Provided entries —

━━━━━━━━━━

Lemma nonR_point_upto_closed a b V : AW (a, b) -> b < V ->
  (forall v, b <= v < V -> nonR_point_upto a v) -> nonR_point_upto a V.
Proof.
  intros HAW HbV Hbefore. apply NNPP. intro Hnot.
  assert (Hga := AW_G a b HAW). destruct (G_Kset a b Hga) as [Ha Hb].
  assert (Hpos : forall u, 0 <= u <= a -> G (u, V) -> 0 < rv_Om2 u V).
  { intros u Hu Hg. apply Rnot_le_lt. intro Hw. apply Hnot. now exists u. }
  set (E := fun u => 0 <= u <= a /\ G (u, V)).
  assert (E0 : E 0) by (split; [lra|apply G_horizon; lra]).
  destruct (completeness E) as [c Hc].
  { exists a. intros x [Hx _]. lra. }
  { now exists 0. }
  assert (Hc0 : 0 <= c) by (apply Hc, E0).
  assert (Hca : c <= a) by (apply Hc; intros x [Hx _]; lra).
  assert (Hseg : forall u, 0 <= u < c -> G (u, V) /\ 0 < rv_Om2 u V).
  { intros u Hu. destruct (is_lub_approx E c u Hc (proj2 Hu)) as [x [[Hx Hgx] Hux]].
    assert (Hgu : G (u, V)) by (apply (G_past x V _ _ Hgx); lra).
    split; [exact Hgu|apply Hpos; [lra|exact Hgu]]. }
  assert (Hgc : G (c, V)).
  { destruct Hc0 as [Hc0|<-]; [|apply G_horizon; lra].
    apply (G_at_end_of_R_segment c b V); [lra|lra|exact Hseg|].
    intros v Hv. destruct (Hbefore v Hv) as [u [_ [Hg Hw]]]. now exists u. }
  destruct (Req_dec c a) as [->|Hne].
  - pose proof (Hpos a ltac:(lra) Hgc).
    assert (rv_Om2 a V <= rv_Om2 a b) by (apply rv_Om2_nonincreasing_v; [exact Hgc|lra]).
    rewrite (AW_rv_Om2 a b HAW) in *. lra.
  - destruct (G_open_near c V Hgc) as [e [He Hnear]].
    set (x := Rmin (c + e / 2) a).
    assert (x <= c + e / 2) by apply Rmin_l. assert (x <= a) by apply Rmin_r.
    assert (c < x) by (apply Rmin_glb_lt; lra).
    enough (x <= c) by lra.
    apply Hc. split; [lra|]. apply Hnear; [rewrite Rabs_pos_eq; lra| |split; simpl; lra].
    replace (V - V) with 0 by ring. rewrite Rabs_R0. lra.
Qed.

Lemma AW_future_within a b v : AW (a, b) -> b <= v -> exists c, 0 < c <= a /\ AW (c, v).
Proof.
  intros HAW Hbv.
  assert (Hga := AW_G a b HAW). destruct (G_Kset a b Hga) as [Ha Hb].
  assert (Hnon : nonR_point_upto a v).
  { revert v Hbv. apply real_induction.
    - exists a. split; [lra|]. split; [exact Hga|]. rewrite (AW_rv_Om2 a b HAW). lra.
    - intros V HbV Hbefore. exact (nonR_point_upto_closed a b V HAW HbV Hbefore).
    - intros v _ Hv. exact (nonR_point_upto_open a v Hv). }
  destruct Hnon as [u [Hu [Hg Hw]]].
  destruct (rv_Om2_zero_upto u v Hg Hw) as [c [Hc Hwc]].
  assert (Hgc : G (c, v)) by (apply (G_past u v _ _ Hg); lra).
  exists c. split; [lra|]. apply AW_intro; [exact Hgc|exact Hwc|].
  assert (r c b <= r c v) by (apply r_nondecreasing_v; [exact Hgc|lra|lra]).
  assert (r a b <= r c b) by (apply r_nonincreasing_u; [exact Hga|lra]).
  pose proof (AW_r a b HAW). lra.
Qed.
(* Let $\Gamma=\{b_1q_1\overline{b_1'}=0,\dots,b_mq_m\overline{b_m'}=0\}\cup\{c_1\le c_1',\dots,c_n\le c_n'\}$ be a finite set of assumptions with $q_i\in\Sigma$ and all $b_i,b_i',c_j,c_j'$ Boolean expressions. Then for all KAT expressions $e_1,e_2$: the equation $e_1=e_2$ is derivable from the KAT axioms together with the hypotheses in $\Gamma$ (i.e. $\mathsf{KAT},\Gamma\vdash e_1=e_2$, meaning the Horn formula $\bigwedge\Gamma\to e_1=e_2$ holds in every Kleene algebra with tests under every interpretation of the action and test symbols) if and only if $\mathsf{GS}^\Gamma(e_1)=\mathsf{GS}^\Gamma(e_2)$.
   Context: Let $\Sigma=\{p_1,\dots,p_k\}$ ($k\ge1$) be a finite set of action symbols and $T=\{t_1,\dots,t_l\}$ ($l\ge1$) a finite set of test symbols. Boolean expressions: $b::=0\mid 1\mid t\mid \overline{b}\mid b_1+b_2\mid b_1 b_2$; KAT expressions (syntactic terms): $e::=p\in\Sigma\mid b\mid e_1+e_2\mid e_1e_2\mid e^*$. A Kleene algebra with tests is a structure $(K,B,+,\cdot,^*,0,1,\bar{\ })$ where $(K,+,\cdot,^*,0,1)$ is a Kleene algebra, $B\subseteq K$, $(B,+,\cdot,\bar{\ },0,1)$ is a Boolean algebra and a subalgebra of $(K,+,\cdot,0,1)$; $x\le y$ means $x+y=y$; test symbols are interpreted in $B$. $\mathsf{At}$ is the set of atoms (words $b_1\cdots b_l$ with $b_i\in\{t_i,\overline{t_i}\}$), identified with truth assignments to $T$; $\alpha\le b$ means $b$ is true under $\alpha$. Guarded strings: $\mathsf{GS}=(\mathsf{At}\cdot\Sigma)^*\cdot\mathsf{At}$. The fusion product $xy$ is defined only when the last atom of $x$ equals the first atom of $y$, and is the concatenation with one copy of that atom omitted; $X\diamond Y=\{xy\mid x\in X,y\in Y,xy\text{ defined}\}$, $X^{n+1}=X\diamond X^n$. $\mathsf{At}^\Gamma=\{\alpha\in\mathsf{At}\mid \alpha\le c\Rightarrow\alpha\le c'\text{ for all }(c\le c')\in\Gamma\}$. Guarded strings modulo $\Gamma$: $\mathsf{GS}^\Gamma(p)=\{\alpha p\beta\mid\alpha,\beta\in\mathsf{At}^\Gamma\text{ and for every assumption }bp\overline{b'}=0\text{ in }\Gamma\text{ (with this same }p),\ \alpha\le b\Rightarrow\beta\le b'\}$; $\mathsf{GS}^\Gamma(b)=\{\alpha\in\mathsf{At}^\Gamma\mid\alpha\le b\}$; $\mathsf{GS}^\Gamma(e_1+e_2)=\mathsf{GS}^\Gamma(e_1)\cup\mathsf{GS}^\Gamma(e_2)$; $\mathsf{GS}^\Gamma(e_1e_2)=\mathsf{GS}^\Gamma(e_1)\diamond\mathsf{GS}^\Gamma(e_2)$; $\mathsf{GS}^\Gamma(e^* )=\bigcup_{n\ge0}\mathsf{GS}^\Gamma(e)^n$ with $X^0=\mathsf{At}^\Gamma$. *)

From mathcomp Require Import all_boot.
From Stdlib Require List.
Set Implicit Arguments. Unset Strict Implicit. Unset Printing Implicit Defensive.

Record KAT := MkKAT {
  kcar :> Type;
  kadd : kcar -> kcar -> kcar;
  kmul : kcar -> kcar -> kcar;
  kstar : kcar -> kcar;
  kzero : kcar;
  kone : kcar;
  ktest : kcar -> Prop;          (* membership in the Boolean subalgebra B *)
  kneg : kcar -> kcar;           (* complement; only meaningful on B *)
  kaddA : forall x y z, kadd x (kadd y z) = kadd (kadd x y) z;
  kaddC : forall x y, kadd x y = kadd y x;
  kadd0 : forall x, kadd x kzero = x;
  kaddI : forall x, kadd x x = x;
  kmulA : forall x y z, kmul x (kmul y z) = kmul (kmul x y) z;
  kmul1l : forall x, kmul kone x = x;
  kmul1r : forall x, kmul x kone = x;
  kmulDl : forall x y z, kmul x (kadd y z) = kadd (kmul x y) (kmul x z);
  kmulDr : forall x y z, kmul (kadd x y) z = kadd (kmul x z) (kmul y z);
  kmul0l : forall x, kmul kzero x = kzero;
  kmul0r : forall x, kmul x kzero = kzero;
  (* star axioms, with x <= y := x + y = y *)
  kstar_unfoldl : forall x, kadd (kadd kone (kmul x (kstar x))) (kstar x) = kstar x;
  kstar_unfoldr : forall x, kadd (kadd kone (kmul (kstar x) x)) (kstar x) = kstar x;
  kstar_indl : forall a b x, kadd (kadd b (kmul a x)) x = x ->
                             kadd (kmul (kstar a) b) x = x;
  kstar_indr : forall a b x, kadd (kadd b (kmul x a)) x = x ->
                             kadd (kmul b (kstar a)) x = x;
  ktest0 : ktest kzero;
  ktest1 : ktest kone;
  ktestD : forall b c, ktest b -> ktest c -> ktest (kadd b c);
  ktestM : forall b c, ktest b -> ktest c -> ktest (kmul b c);
  ktestN : forall b, ktest b -> ktest (kneg b);
  (* (B,+,.,neg,0,1) is a Boolean algebra (Huntington's axioms; the ones
     already implied by the semiring axioms are not repeated) *)
  kBmulC : forall b c, ktest b -> ktest c -> kmul b c = kmul c b;
  kBaddDr : forall b c d, ktest b -> ktest c -> ktest d ->
                kadd b (kmul c d) = kmul (kadd b c) (kadd b d);
  kBcompl1 : forall b, ktest b -> kadd b (kneg b) = kone;
  kBcompl0 : forall b, ktest b -> kmul b (kneg b) = kzero
}.
(* Let $d>1$ be an integer. With $\mathcal{L}_d$ the vector bundle on $\mathbb{P}^5=\mathbb{P}(\wedge^2S_1)$ defined as the kernel of $\bar\tau_d\otimes 1: H^0(\mathbb{P}^3,T\mathbb{P}^3(d-1))\otimes\mathcal{O}_{\mathbb{P}^5}\to S_{d+1}\otimes\mathcal{O}_{\mathbb{P}^5}(1)$, $\varphi\otimes\omega\mapsto\omega\cdot\varphi$, let $\mathbb{P}(\mathcal{L}_d)\subset\mathbb{P}^5\times\mathbb{F}_d$ be the associated projective subbundle and $\mathbb{L}_d\subset\mathbb{F}_d$ its image under the second projection $\mathbf{p}$ (the variety of Legendrian foliations of degree $d$). Then $\mathbf{p}:\mathbb{P}(\mathcal{L}_d)\to\mathbb{L}_d$ is generically bijective; i.e. a general $\varphi\in\mathbb{L}_d$ is tangent to one and only one distribution $\omega\in\mathbb{P}^5\setminus\mathbb{G}$.
   Context: Work over $\mathbb{C}$. Let $x_1,\dots,x_4$ be homogeneous coordinates on $\mathbb{P}^3$, $S_k$ the space of homogeneous polynomials of degree $k$ in $x_1,\dots,x_4$, $\partial_R=\sum x_i\partial_{x_i}$. The space of foliations of dimension one and degree $d$ is $\mathbb{F}_d:=\mathbb{P}(H^0(\mathbb{P}^3,T\mathbb{P}^3(d-1)))$ with $H^0(\mathbb{P}^3,T\mathbb{P}^3(d-1))=(S_d\otimes\langle\partial_{x_1},\dots,\partial_{x_4}\rangle)/(S_{d-1}\cdot\partial_R)$, elements represented by $\varphi=\sum p_i\partial_{x_i}$, $p_i\in S_d$. Points of $\mathbb{P}^5=\mathbb{P}(\wedge^2S_1)$ are degree-$0$ distributions $\omega=\sum_{i<j}\alpha_{ij}(x_jdx_i-x_idx_j)$ (antisymmetric $4\times 4$ matrices up to scalar); with $\omega=\sum a_idx_i$, set $\omega\cdot\varphi:=\sum a_ip_i\in S_{d+1}$, and $\varphi$ is tangent to $\omega$ if $\omega\cdot\varphi=0$. $\mathbb{G}\subset\mathbb{P}^5$ is the Pfaff–Plücker quadric of rank-$2$ matrices; its complement consists of contact forms (rank $4$). The kernel sheaf $\mathcal{L}_d$ is locally free on $\mathbb{P}^5$; over $\mathbb{P}^5\setminus\mathbb{G}$ its fiber at $\omega$ is $\{\varphi\mid\omega\cdot\varphi=0\}$. *)

From HB Require Import structures.
From mathcomp Require Import all_boot all_order all_algebra.
From mathcomp Require Import mpoly.
From mathcomp Require Import complex.
From mathcomp Require Import reals.

Set Implicit Arguments.
Unset Strict Implicit.
Unset Printing Implicit Defensive.

Import Order.TTheory GRing.Theory Num.Theory.
Local Open Scope ring_scope.

Definition CC (R : realType) := complex R.

Definition mon (d : nat) := {m : 'X_{1..4 < d.+1} | mdeg (val m) == d}.

(* Index set of the coordinates of S_d (x) <d/dx_1,...,d/dx_4>. *)
Definition Jd (d : nat) := ('I_4 * mon d)%type.

(* A vector field phi = sum_i p_i d/dx_i with p_i in S_d, given by its
   coefficients: c (i, m) is the coefficient of x^m in p_i. *)
Definition vfield (R : realType) (d : nat) := Jd d -> CC R.

Definition pcomp (R : realType) (d : nat) (c : vfield R d) (i : 'I_4)
  : {mpoly CC R [4]} :=
  \sum_(m : mon d) c (i, m) *: 'X_[val (val m)].

(* A degree-0 distribution omega = sum_{i<j} a_ij (x_j dx_i - x_i dx_j) is
   encoded by the antisymmetric 4x4 matrix A (A i j = a_ij for i<j);
   then omega = sum_i a_i dx_i with a_i = sum_j A i j x_j. *)
Definition antisym (R : realType) (A : 'M[CC R]_4) : Prop := A^T = - A.

Definition dcoef (R : realType) (A : 'M[CC R]_4) (i : 'I_4)
  : {mpoly CC R [4]} := \sum_(j < 4) A i j *: 'X_j.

━━━━━━━━━━

Work instructions — Retype the portion of the data above that starts on the line with "set (x := Rmin (c + e / 2) a)." and finishes on the line with "set of assumptions", including both of those lines.

The completed task —
    set (x := Rmin (c + e / 2) a).
    assert (x <= c + e / 2) by apply Rmin_l. assert (x <= a) by apply Rmin_r.
    assert (c < x) by (apply Rmin_glb_lt; lra).
    enough (x <= c) by lra.
    apply Hc. split; [lra|]. apply Hnear; [rewrite Rabs_pos_eq; lra| |split; simpl; lra].
    replace (V - V) with 0 by ring. rewrite Rabs_R0. lra.
Qed.

Lemma AW_future_within a b v : AW (a, b) -> b <= v -> exists c, 0 < c <= a /\ AW (c, v).
Proof.
  intros HAW Hbv.
  assert (Hga := AW_G a b HAW). destruct (G_Kset a b Hga) as [Ha Hb].
  assert (Hnon : nonR_point_upto a v).
  { revert v Hbv. apply real_induction.
    - exists a. split; [lra|]. split; [exact Hga|]. rewrite (AW_rv_Om2 a b HAW). lra.
    - intros V HbV Hbefore. exact (nonR_point_upto_closed a b V HAW HbV Hbefore).
    - intros v _ Hv. exact (nonR_point_upto_open a v Hv). }
  destruct Hnon as [u [Hu [Hg Hw]]].
  destruct (rv_Om2_zero_upto u v Hg Hw) as [c [Hc Hwc]].
  assert (Hgc : G (c, v)) by (apply (G_past u v _ _ Hg); lra).
  exists c. split; [lra|]. apply AW_intro; [exact Hgc|exact Hwc|].
  assert (r c b <= r c v) by (apply r_nondecreasing_v; [exact Hgc|lra|lra]).
  assert (r a b <= r c b) by (apply r_nonincreasing_u; [exact Hga|lra]).
  pose proof (AW_r a b HAW). lra.
Qed.
(* Let $\Gamma=\{b_1q_1\overline{b_1'}=0,\dots,b_mq_m\overline{b_m'}=0\}\cup\{c_1\le c_1',\dots,c_n\le c_n'\}$ be a finite set of assumptions with $q_i\in\Sigma$ and all $b_i,b_i',c_j,c_j'$ Boolean expressions. Then for all KAT expressions $e_1,e_2$: the equation $e_1=e_2$ is derivable from the KAT axioms together with the hypotheses in $\Gamma$ (i.e. $\mathsf{KAT},\Gamma\vdash e_1=e_2$, meaning the Horn formula $\bigwedge\Gamma\to e_1=e_2$ holds in every Kleene algebra with tests under every interpretation of the action and test symbols) if and only if $\mathsf{GS}^\Gamma(e_1)=\mathsf{GS}^\Gamma(e_2)$.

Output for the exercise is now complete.